*** Opening RECORDS SUPPLIED ***
(* Let $\mathcal{R}_1, \mathcal{R}_2$ be families of ranges and let $k,m$ be positive integers. Suppose that we have hitting $k$-cliques with respect to $\mathcal{R}_1$ and hitting $k$-cliques with respect to $\mathcal{R}_2$ (for these $k,m$). Then for $\mathcal{R} = \mathcal{R}_1 \cup \mathcal{R}_2$ it holds that $m_{\mathcal{R}}(k) \leq m$.
   Context: For a finite set $V \subset \mathbb{R}^2$ and a family $\mathcal{R}$ of subsets of $\mathbb{R}^2$ (ranges), $\mathcal{H}(V,\mathcal{R},m)$ is the hypergraph on $V$ whose hyperedges are the sets $V \cap R$, $R \in \mathcal{R}$, of size exactly $m$. A coloring $c\colon V \to [k]$ is polychromatic if every hyperedge contains a vertex of each of the $k$ colors. Point sets are in general position (pairwise distinct $x$-coordinates, $y$-coordinates, and values $x+y$). $m_{\mathcal{R}}(k)$ is the smallest $m$ such that for every finite $V \subset \mathbb{R}^2$ in general position, $\mathcal{H}(V,\mathcal{R},m)$ admits a polychromatic $k$-coloring ($\infty$ if none exists). For fixed $k,m,\mathcal{R}$ we say we have hitting $k$-cliques if for every finite $V \subset \mathbb{R}^2$ there exist pairwise disjoint $k$-element subsets of $V$ such that every hyperedge of $\mathcal{H}(V,\mathcal{R},m)$ fully contains at least one of these subsets. *)

From HB Require Import structures.
From mathcomp Require Import all_boot all_order all_algebra.
From mathcomp Require Import finmap.
From mathcomp Require Import boolp classical_sets reals.
Set Implicit Arguments. Unset Strict Implicit. Unset Printing Implicit Defensive.
Import Order.TTheory GRing.Theory Num.Theory.

Local Open Scope ring_scope.

Definition plane (R : realType) := (R * R)%type.

Definition general_position (R : realType) (V : {fset plane R}) : Prop :=
  forall p q, p \in V -> q \in V -> p != q ->
    [/\ p.1 != q.1, p.2 != q.2 & p.1 + p.2 != q.1 + q.2].

Definition trace (R : realType) (V : {fset plane R}) (Rg : set (plane R))
  : {fset plane R} := [fset x in V | `[< Rg x >]]%fset.

Definition hyperedge (R : realType) (Rs : set (set (plane R))) (m : nat)
  (V : {fset plane R}) (E : {fset plane R}) : Prop :=
  exists Rg, Rs Rg /\ E = trace V Rg /\ #|` E|%fset = m.

Definition polychromatic (R : realType) (k : nat) (Rs : set (set (plane R)))
  (m : nat) (V : {fset plane R}) (c : plane R -> 'I_k) : Prop :=
  forall E, hyperedge Rs m V E ->
    forall i : 'I_k, exists2 x, x \in E & c x = i.

Definition admits_polychromatic (R : realType) (Rs : set (set (plane R)))
  (k m : nat) : Prop :=
  forall V : {fset plane R}, general_position V ->
    exists c : plane R -> 'I_k, polychromatic Rs m V c.

(* m_Rs(k) <= m, i.e. the smallest m' with the above property exists and is
   at most m *)
Definition mR_le (R : realType) (Rs : set (set (plane R))) (k m : nat) : Prop :=
  exists m' : nat, (m' <= m)%N /\ admits_polychromatic Rs k m'.

Definition hitting_cliques (R : realType) (Rs : set (set (plane R)))
  (k m : nat) : Prop :=
  forall V : {fset plane R},
    exists C : {fset {fset plane R}},
      (forall A, A \in C -> fsubset A V /\ #|` A|%fset = k) /\
      (forall A B, A \in C -> B \in C -> A != B -> fdisjoint A B) /\
      (forall E, hyperedge Rs m V E -> exists2 A, A \in C & fsubset A E).

From HB Require Import structures.
From mathcomp Require Import all_boot all_order all_algebra perm.
From mathcomp Require Import finmap.
From mathcomp Require Import boolp classical_sets reals.
Set Implicit Arguments. Unset Strict Implicit. Unset Printing Implicit Defensive.
Local Open Scope fset_scope.

(* It suffices to colour V with k colours so that no two points of a common
   clique, from either hitting family, share a colour: every hyperedge of
   R1 \/ R2 contains such a clique, which is then rainbow.  Viewing each point
   as an edge between its clique of the first family and its clique of the
   second, this is Koenig's edge-colouring theorem for bipartite multigraphs of
   maximum degree k.  The colouring is built greedily: if a new point x sees
   colour a free in its first clique and b free in its second, exchange a and b
   along the alternating Kempe chain that starts at the a-coloured point of its
   second clique.  The chain enters b-coloured points only through first-family
   edges from a-coloured points, so it never reaches x's first clique, and a
   becomes free on both sides. *)

Section ProperColorings.

Variables (T : choiceType) (k : nat).

Definition proper_on (r : T -> T -> Prop) (S : {fset T}) (c : T -> 'I_k) :=
  forall z w, z \in S -> w \in S -> r z w -> c z = c w -> z = w.

Definition misses (r : T -> T -> Prop) (S : {fset T}) (c : T -> 'I_k) x i :=
  forall z, z \in S -> r x z -> c z != i.

Lemma exists_color_notin (s : {fset T}) (c : T -> 'I_k) :
  (#|` s| < k)%N -> exists i, forall z, z \in s -> c z != i.
Proof.
move=> small; apply: contrapT => all_hit.
have: (size (enum 'I_k) <= size [seq c z | z <- s])%N.
  apply: uniq_leq_size (enum_uniq _) _ => i _; apply: contrapT => not_hit.
  by apply: all_hit; exists i => z zs; apply: contra_notN not_hit => /eqP <-; apply: map_f.
by rewrite size_enum_ord size_map leqNgt small.
Qed.

Lemma rainbow (A : {fset T}) (c : T -> 'I_k) :
  #|` A| = k -> {in A &, injective c} -> forall i, exists2 x, x \in A & c x = i.
Proof.
move=> cardA inj_c i.
have uniq_cA : uniq [seq c z | z <- A] by rewrite map_inj_in_uniq.
have size_cA : size (enum 'I_k) = size [seq c z | z <- A].
  by rewrite size_enum_ord size_map cardA.
have [_ eq_cA] := uniq_min_size uniq_cA (fun j _ => mem_enum _ j) (eq_leq size_cA).
have /mapP[x xA ->] : i \in [seq c z | z <- A] by rewrite eq_cA mem_enum.
by exists x.
Qed.

Lemma proper_fset1U (r : T -> T -> Prop) S c x a :
  (forall z w, r z w -> r w z) -> proper_on r S c -> misses r S c x a ->
  proper_on r (x |` S) (fun z => if z == x then a else c z).
Proof.
move=> r_sym c_proper x_misses_a z w; rewrite !in_fset1U.
have clash u : u \in S -> r x u -> a = c u -> False.
  by move=> uS rxu a_cu; move: (x_misses_a u uS rxu); rewrite a_cu eqxx.
case: (eqVneq z x) => [->|zx]; case: (eqVneq w x) => [->|wx] //= zS wS rzw.
- by move/clash => /(_ wS rzw).
- by move/esym/clash => /(_ zS (r_sym _ _ rzw)).
- exact: c_proper.
Qed.

Lemma proper_swap (r : T -> T -> Prop) S c (K : T -> Prop) a b :
  (forall z w, r z w -> r w z) -> proper_on r S c ->
  (forall u, K u -> c u = a \/ c u = b) ->
  (forall u v, K u -> v \in S -> r u v -> c v = a \/ c v = b -> c u != c v -> K v) ->
  proper_on r S (fun z => if `[< K z >] then tperm a b (c z) else c z).
Proof.
move=> r_sym c_proper K_ab K_closed.
have cross u v : u \in S -> v \in S -> r u v -> K u -> ~ K v ->
    tperm a b (c u) = c v -> u = v.
  move=> uS vS ruv Ku Kv sw_cu; have [//|cuv] := eqVneq (c u) (c v).
    exact: c_proper.
  exfalso; apply: Kv; apply: K_closed cuv => //.
  by rewrite -sw_cu; case: (K_ab u Ku) => ->; rewrite ?tpermL ?tpermR; [right|left].
move=> z w zS wS rzw; case: asboolP => Kz; case: asboolP => Kw.
- by move/(can_inj (tpermK a b)); apply: c_proper.
- exact: cross.
- by move/esym/(cross _ _ wS zS (r_sym _ _ rzw) Kw Kz)/esym.
- exact: c_proper.
Qed.

End ProperColorings.

Section KempeChain.

Variables (T : choiceType) (k : nat) (r1 r2 : T -> T -> Prop).
Hypotheses (r1_sym : forall z w, r1 z w -> r1 w z) (r2_sym : forall z w, r2 z w -> r2 w z).
Hypotheses (r1_trans : forall u v w, r1 u v -> r1 v w -> r1 u w)
  (r2_trans : forall u v w, r2 u v -> r2 v w -> r2 u w).

Let r z w := r1 z w \/ r2 z w.

Lemma r_sym z w : r z w -> r w z.
Proof. by case=> [/r1_sym|/r2_sym]; [left|right]. Qed.

Section Chain.

Variables (S : {fset T}) (c : T -> 'I_k) (x y : T) (a b : 'I_k).
Hypotheses (c_proper : proper_on r S c).
Hypotheses (x_misses_a : misses r1 S c x a) (x_misses_b : misses r2 S c x b).
Hypotheses (yS : y \in S) (r2xy : r2 x y) (cy : c y = a).

Inductive chain : T -> Prop :=
  | chain_root : chain y
  | chain_r1 u v : chain u -> c u = a -> v \in S -> r1 u v -> c v = b -> chain v
  | chain_r2 u v : chain u -> c u = b -> v \in S -> r2 u v -> c v = a -> chain v.

Lemma neq_ab : a != b.
Proof. by rewrite -cy; apply: x_misses_b. Qed.

Lemma chain_inv u : chain u -> u \in S /\ (c u = a \/ c u = b).
Proof. by case=> [|? ? _ _ ? _ ->|? ? _ _ ? _ ->]; split=> //; [left|right|left]. Qed.

Lemma chain_pred_b v : chain v -> c v = b -> exists u, [/\ chain u, c u = a & r1 u v].
Proof.
case=> [|u v' chu cu _ r1uv _|? ? _ _ _ _ ->]; last by move/eqP; rewrite (negbTE neq_ab).
- by rewrite cy => /eqP; rewrite (negbTE neq_ab).
- by exists u.
Qed.

Lemma chain_pred_a v : chain v -> c v = a ->
  v = y \/ exists u, [/\ chain u, c u = b & r2 u v].
Proof.
case=> [|? ? _ _ _ _ ->|u v' chu cu _ r2uv _]; [by left| |by right; exists u].
by move/eqP; rewrite eq_sym (negbTE neq_ab).
Qed.

Lemma chain_closed u v : chain u -> v \in S -> r u v ->
  c v = a \/ c v = b -> c u != c v -> chain v.
Proof.
move=> chu vS ruv cv; have [uS [cu|cu]] := chain_inv chu;
  case: cv => cv; rewrite cu cv ?eqxx // => _; case: ruv => [r1uv|r2uv].
- exact: chain_r1 chu cu vS r1uv cv.
- have [uy|[w [chw cw r2wu]]] := chain_pred_a chu cu.
    by move: r2uv; rewrite uy => /(r2_trans r2xy)/(x_misses_b vS); rewrite cv eqxx.
  suff -> : v = w by [].
  apply: c_proper vS (chain_inv chw).1 _ _; last by rewrite cv cw.
  by right; apply: r2_trans (r2_sym r2uv) (r2_sym r2wu).
- have [w [chw cw r1wu]] := chain_pred_b chu cu.
  suff -> : v = w by [].
  apply: c_proper vS (chain_inv chw).1 _ _; last by rewrite cv cw.
  by left; apply: r1_trans (r1_sym r1uv) (r1_sym r1wu).
- exact: chain_r2 chu cu vS r2uv cv.
Qed.

Lemma chain_recolor : exists c' : T -> 'I_k,
  [/\ proper_on r S c', misses r1 S c' x a & misses r2 S c' x a].
Proof.
pose c' z := if `[< chain z >] then tperm a b (c z) else c z.
have c'_in z : chain z -> c' z = tperm a b (c z) by rewrite /c'; case: asboolP.
have c'_out z : ~ chain z -> c' z = c z by rewrite /c'; case: asboolP.
exists c'; split.
- apply: proper_swap r_sym c_proper (fun u chu => (chain_inv chu).2) _.
  exact: chain_closed.
- move=> z zS r1xz; have [chz|nchz] := pselect (chain z); last first.
    by rewrite c'_out //; apply: x_misses_a.
  rewrite c'_in //; have [_ [cz|cz]] := chain_inv chz; rewrite cz ?tpermL ?tpermR.
    by rewrite eq_sym neq_ab.
  have [w [chw cw r1wz]] := chain_pred_b chz cz.
  have := x_misses_a (chain_inv chw).1 (r1_trans r1xz (r1_sym r1wz)).
  by rewrite cw eqxx.
- move=> z zS r2xz; have [chz|nchz] := pselect (chain z).
    rewrite c'_in //; have [_ [cz|cz]] := chain_inv chz; rewrite cz ?tpermL ?tpermR.
      by rewrite eq_sym neq_ab.
    by have := x_misses_b zS r2xz; rewrite cz eqxx.
  rewrite c'_out //; apply/eqP => cz; apply: nchz.
  suff -> : z = y by exact: chain_root.
  apply: c_proper zS yS _ _; last by rewrite cz cy.
  by right; apply: r2_trans (r2_sym r2xz) r2xy.
Qed.

End Chain.

Lemma kempe_recolor S (c : T -> 'I_k) x a b :
  proper_on r S c -> misses r1 S c x a -> misses r2 S c x b ->
  exists c' : T -> 'I_k,
    [/\ proper_on r S c', misses r1 S c' x a & misses r2 S c' x a].
Proof.
move=> c_proper x_misses_a x_misses_b.
have [[y [yS r2xy cy]]|no_y] := pselect (exists y, [/\ y \in S, r2 x y & c y = a]).
  exact: chain_recolor c_proper x_misses_a x_misses_b yS r2xy cy.
exists c; split=> // z zS r2xz; apply/eqP => cz.
by apply: no_y; exists z.
Qed.

End KempeChain.

Section Blocks.

Variables (T : choiceType) (k : nat) (C : {fset {fset T}}).
Hypotheses (C_card : forall A, A \in C -> #|` A| = k)
  (C_disj : forall A B, A \in C -> B \in C -> A != B -> fdisjoint A B).

Definition same_block (z w : T) := exists2 A, A \in C & (z \in A) && (w \in A).

Lemma block_eq A B z : A \in C -> B \in C -> z \in A -> z \in B -> A = B.
Proof.
move=> AinC BinC zA zB; apply/eqP/negbNE/negP => /(C_disj AinC BinC)/fdisjointP.
by move/(_ z zA); rewrite zB.
Qed.

Lemma same_block_sym z w : same_block z w -> same_block w z.
Proof. by case=> A AinC /andP[zA wA]; exists A; rewrite ?wA. Qed.

Lemma same_block_trans u v w : same_block u v -> same_block v w -> same_block u w.
Proof.
case=> A AinC /andP[uA vA] [B BinC /andP[vB wB]].
by rewrite (block_eq AinC BinC vA vB) in uA; exists B; rewrite ?uA.
Qed.

Lemma exists_missing_block_color S (c : T -> 'I_k) x : (0 < k)%N -> x \notin S ->
  exists i, misses same_block S c x i.
Proof.
move=> k_gt0 xS; have [[A AinC xA]|no_block] := pselect (exists2 A, A \in C & x \in A).
  have [|i avoid_i] := exists_color_notin c (s := A `\ x).
    by have := cardfsD1 x A; rewrite xA C_card // add1n => ->.
  exists i => z zS [B BinC /andP[xB zB]]; apply: avoid_i.
  rewrite in_fsetD1 (block_eq AinC BinC xA xB) zB andbT.
  by apply: contraNneq xS => <-.
exists (Ordinal k_gt0) => z _ [A AinC /andP[xA _]].
by case: no_block; exists A.
Qed.

Lemma proper_block_inj (r : T -> T -> Prop) S (c : T -> 'I_k) A :
  (forall z w, same_block z w -> r z w) -> proper_on r S c ->
  A \in C -> fsubset A S -> {in A &, injective c}.
Proof.
move=> block_r c_proper AinC /fsubsetP AS z w zA wA; apply: c_proper; rewrite ?AS //.
by apply: block_r; exists A; rewrite ?zA.
Qed.

End Blocks.

Lemma proper_two_block_coloring (T : choiceType) k (C1 C2 : {fset {fset T}}) :
  (0 < k)%N ->
  (forall A, A \in C1 -> #|` A| = k) ->
  (forall A B, A \in C1 -> B \in C1 -> A != B -> fdisjoint A B) ->
  (forall A, A \in C2 -> #|` A| = k) ->
  (forall A B, A \in C2 -> B \in C2 -> A != B -> fdisjoint A B) ->
  forall S : {fset T}, exists c : T -> 'I_k,
    proper_on (fun z w => same_block C1 z w \/ same_block C2 z w) S c.
Proof.
move=> k_gt0 C1_card C1_disj C2_card C2_disj.
elim/fset1U_rect => [|x S xS [c c_proper]].
  by exists (fun=> Ordinal k_gt0) => z w; rewrite inE.
have [a x_misses_a] := exists_missing_block_color C1_card C1_disj c k_gt0 xS.
have [b x_misses_b] := exists_missing_block_color C2_card C2_disj c k_gt0 xS.
have [c' [c'_proper x_misses_a1 x_misses_a2]] :=
  kempe_recolor (@same_block_sym _ _) (@same_block_sym _ _)
    (@same_block_trans _ _ C1_disj) (@same_block_trans _ _ C2_disj)
    c_proper x_misses_a x_misses_b.
exists (fun z => if z == x then a else c' z).
apply: proper_fset1U c'_proper _.
  by move=> z w [/same_block_sym|/same_block_sym]; [left|right].
by move=> z zS [/x_misses_a1|/x_misses_a2]; apply.
Qed.

Lemma hyperedgeU (R : realType) (Rs1 Rs2 : set (set (plane R))) m V E :
  hyperedge (fun Rg => Rs1 Rg \/ Rs2 Rg) m V E ->
  hyperedge Rs1 m V E \/ hyperedge Rs2 m V E.
Proof. by case=> Rg [[Rs1Rg|Rs2Rg] E_def]; [left|right]; exists Rg. Qed.

Theorem theorem2 (R : realType) (Rs1 Rs2 : set (set (plane R))) (k m : nat) :
  (0 < k)%N -> (0 < m)%N ->
  hitting_cliques Rs1 k m -> hitting_cliques Rs2 k m ->
  mR_le (fun Rg => Rs1 Rg \/ Rs2 Rg) k m.
Proof.
move=> k_gt0 _ hit1 hit2; exists m; split=> // V _.
have [C1 [C1_sub [C1_disj C1_hit]]] := hit1 V.
have [C2 [C2_sub [C2_disj C2_hit]]] := hit2 V.
have [c c_proper] := proper_two_block_coloring k_gt0
  (fun A AinC => (C1_sub A AinC).2) C1_disj (fun A AinC => (C2_sub A AinC).2) C2_disj V.
exists c => E E_edge i.
have [A A_clique AE] : exists2 A, (A \in C1) || (A \in C2) & fsubset A E.
  case/hyperedgeU: E_edge => [/C1_hit|/C2_hit] [A A_clique AE];
  by exists A; rewrite ?A_clique ?orbT.
have [AV A_card] : fsubset A V /\ #|` A| = k by case/orP: A_clique => [/C1_sub|/C2_sub].
have c_inj : {in A &, injective c}.
  by case/orP: A_clique => AinC; apply: proper_block_inj c_proper AinC AV => z w; [left|right].
have [x xA cx] := rainbow A_card c_inj i.
by exists x => //; apply: (fsubsetP AE).
Qed.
*** Closing RECORDS SUPPLIED ***
§ **AIM OF THE TASK**
Which lines above run from the one containing "Lemma block_eq A" down to the one containing "case=> A AinC /andP[uA"? Repeat exactly those, both ends included, and nothing else.

§ **WRITTEN ANSWER**
Lemma block_eq A B z : A \in C -> B \in C -> z \in A -> z \in B -> A = B.
Proof.
move=> AinC BinC zA zB; apply/eqP/negbNE/negP => /(C_disj AinC BinC)/fdisjointP.
by move/(_ z zA); rewrite zB.
Qed.

Lemma same_block_sym z w : same_block z w -> same_block w z.
Proof. by case=> A AinC /andP[zA wA]; exists A; rewrite ?wA. Qed.

Lemma same_block_trans u v w : same_block u v -> same_block v w -> same_block u w.
Proof.
case=> A AinC /andP[uA vA] [B BinC /andP[vB wB]].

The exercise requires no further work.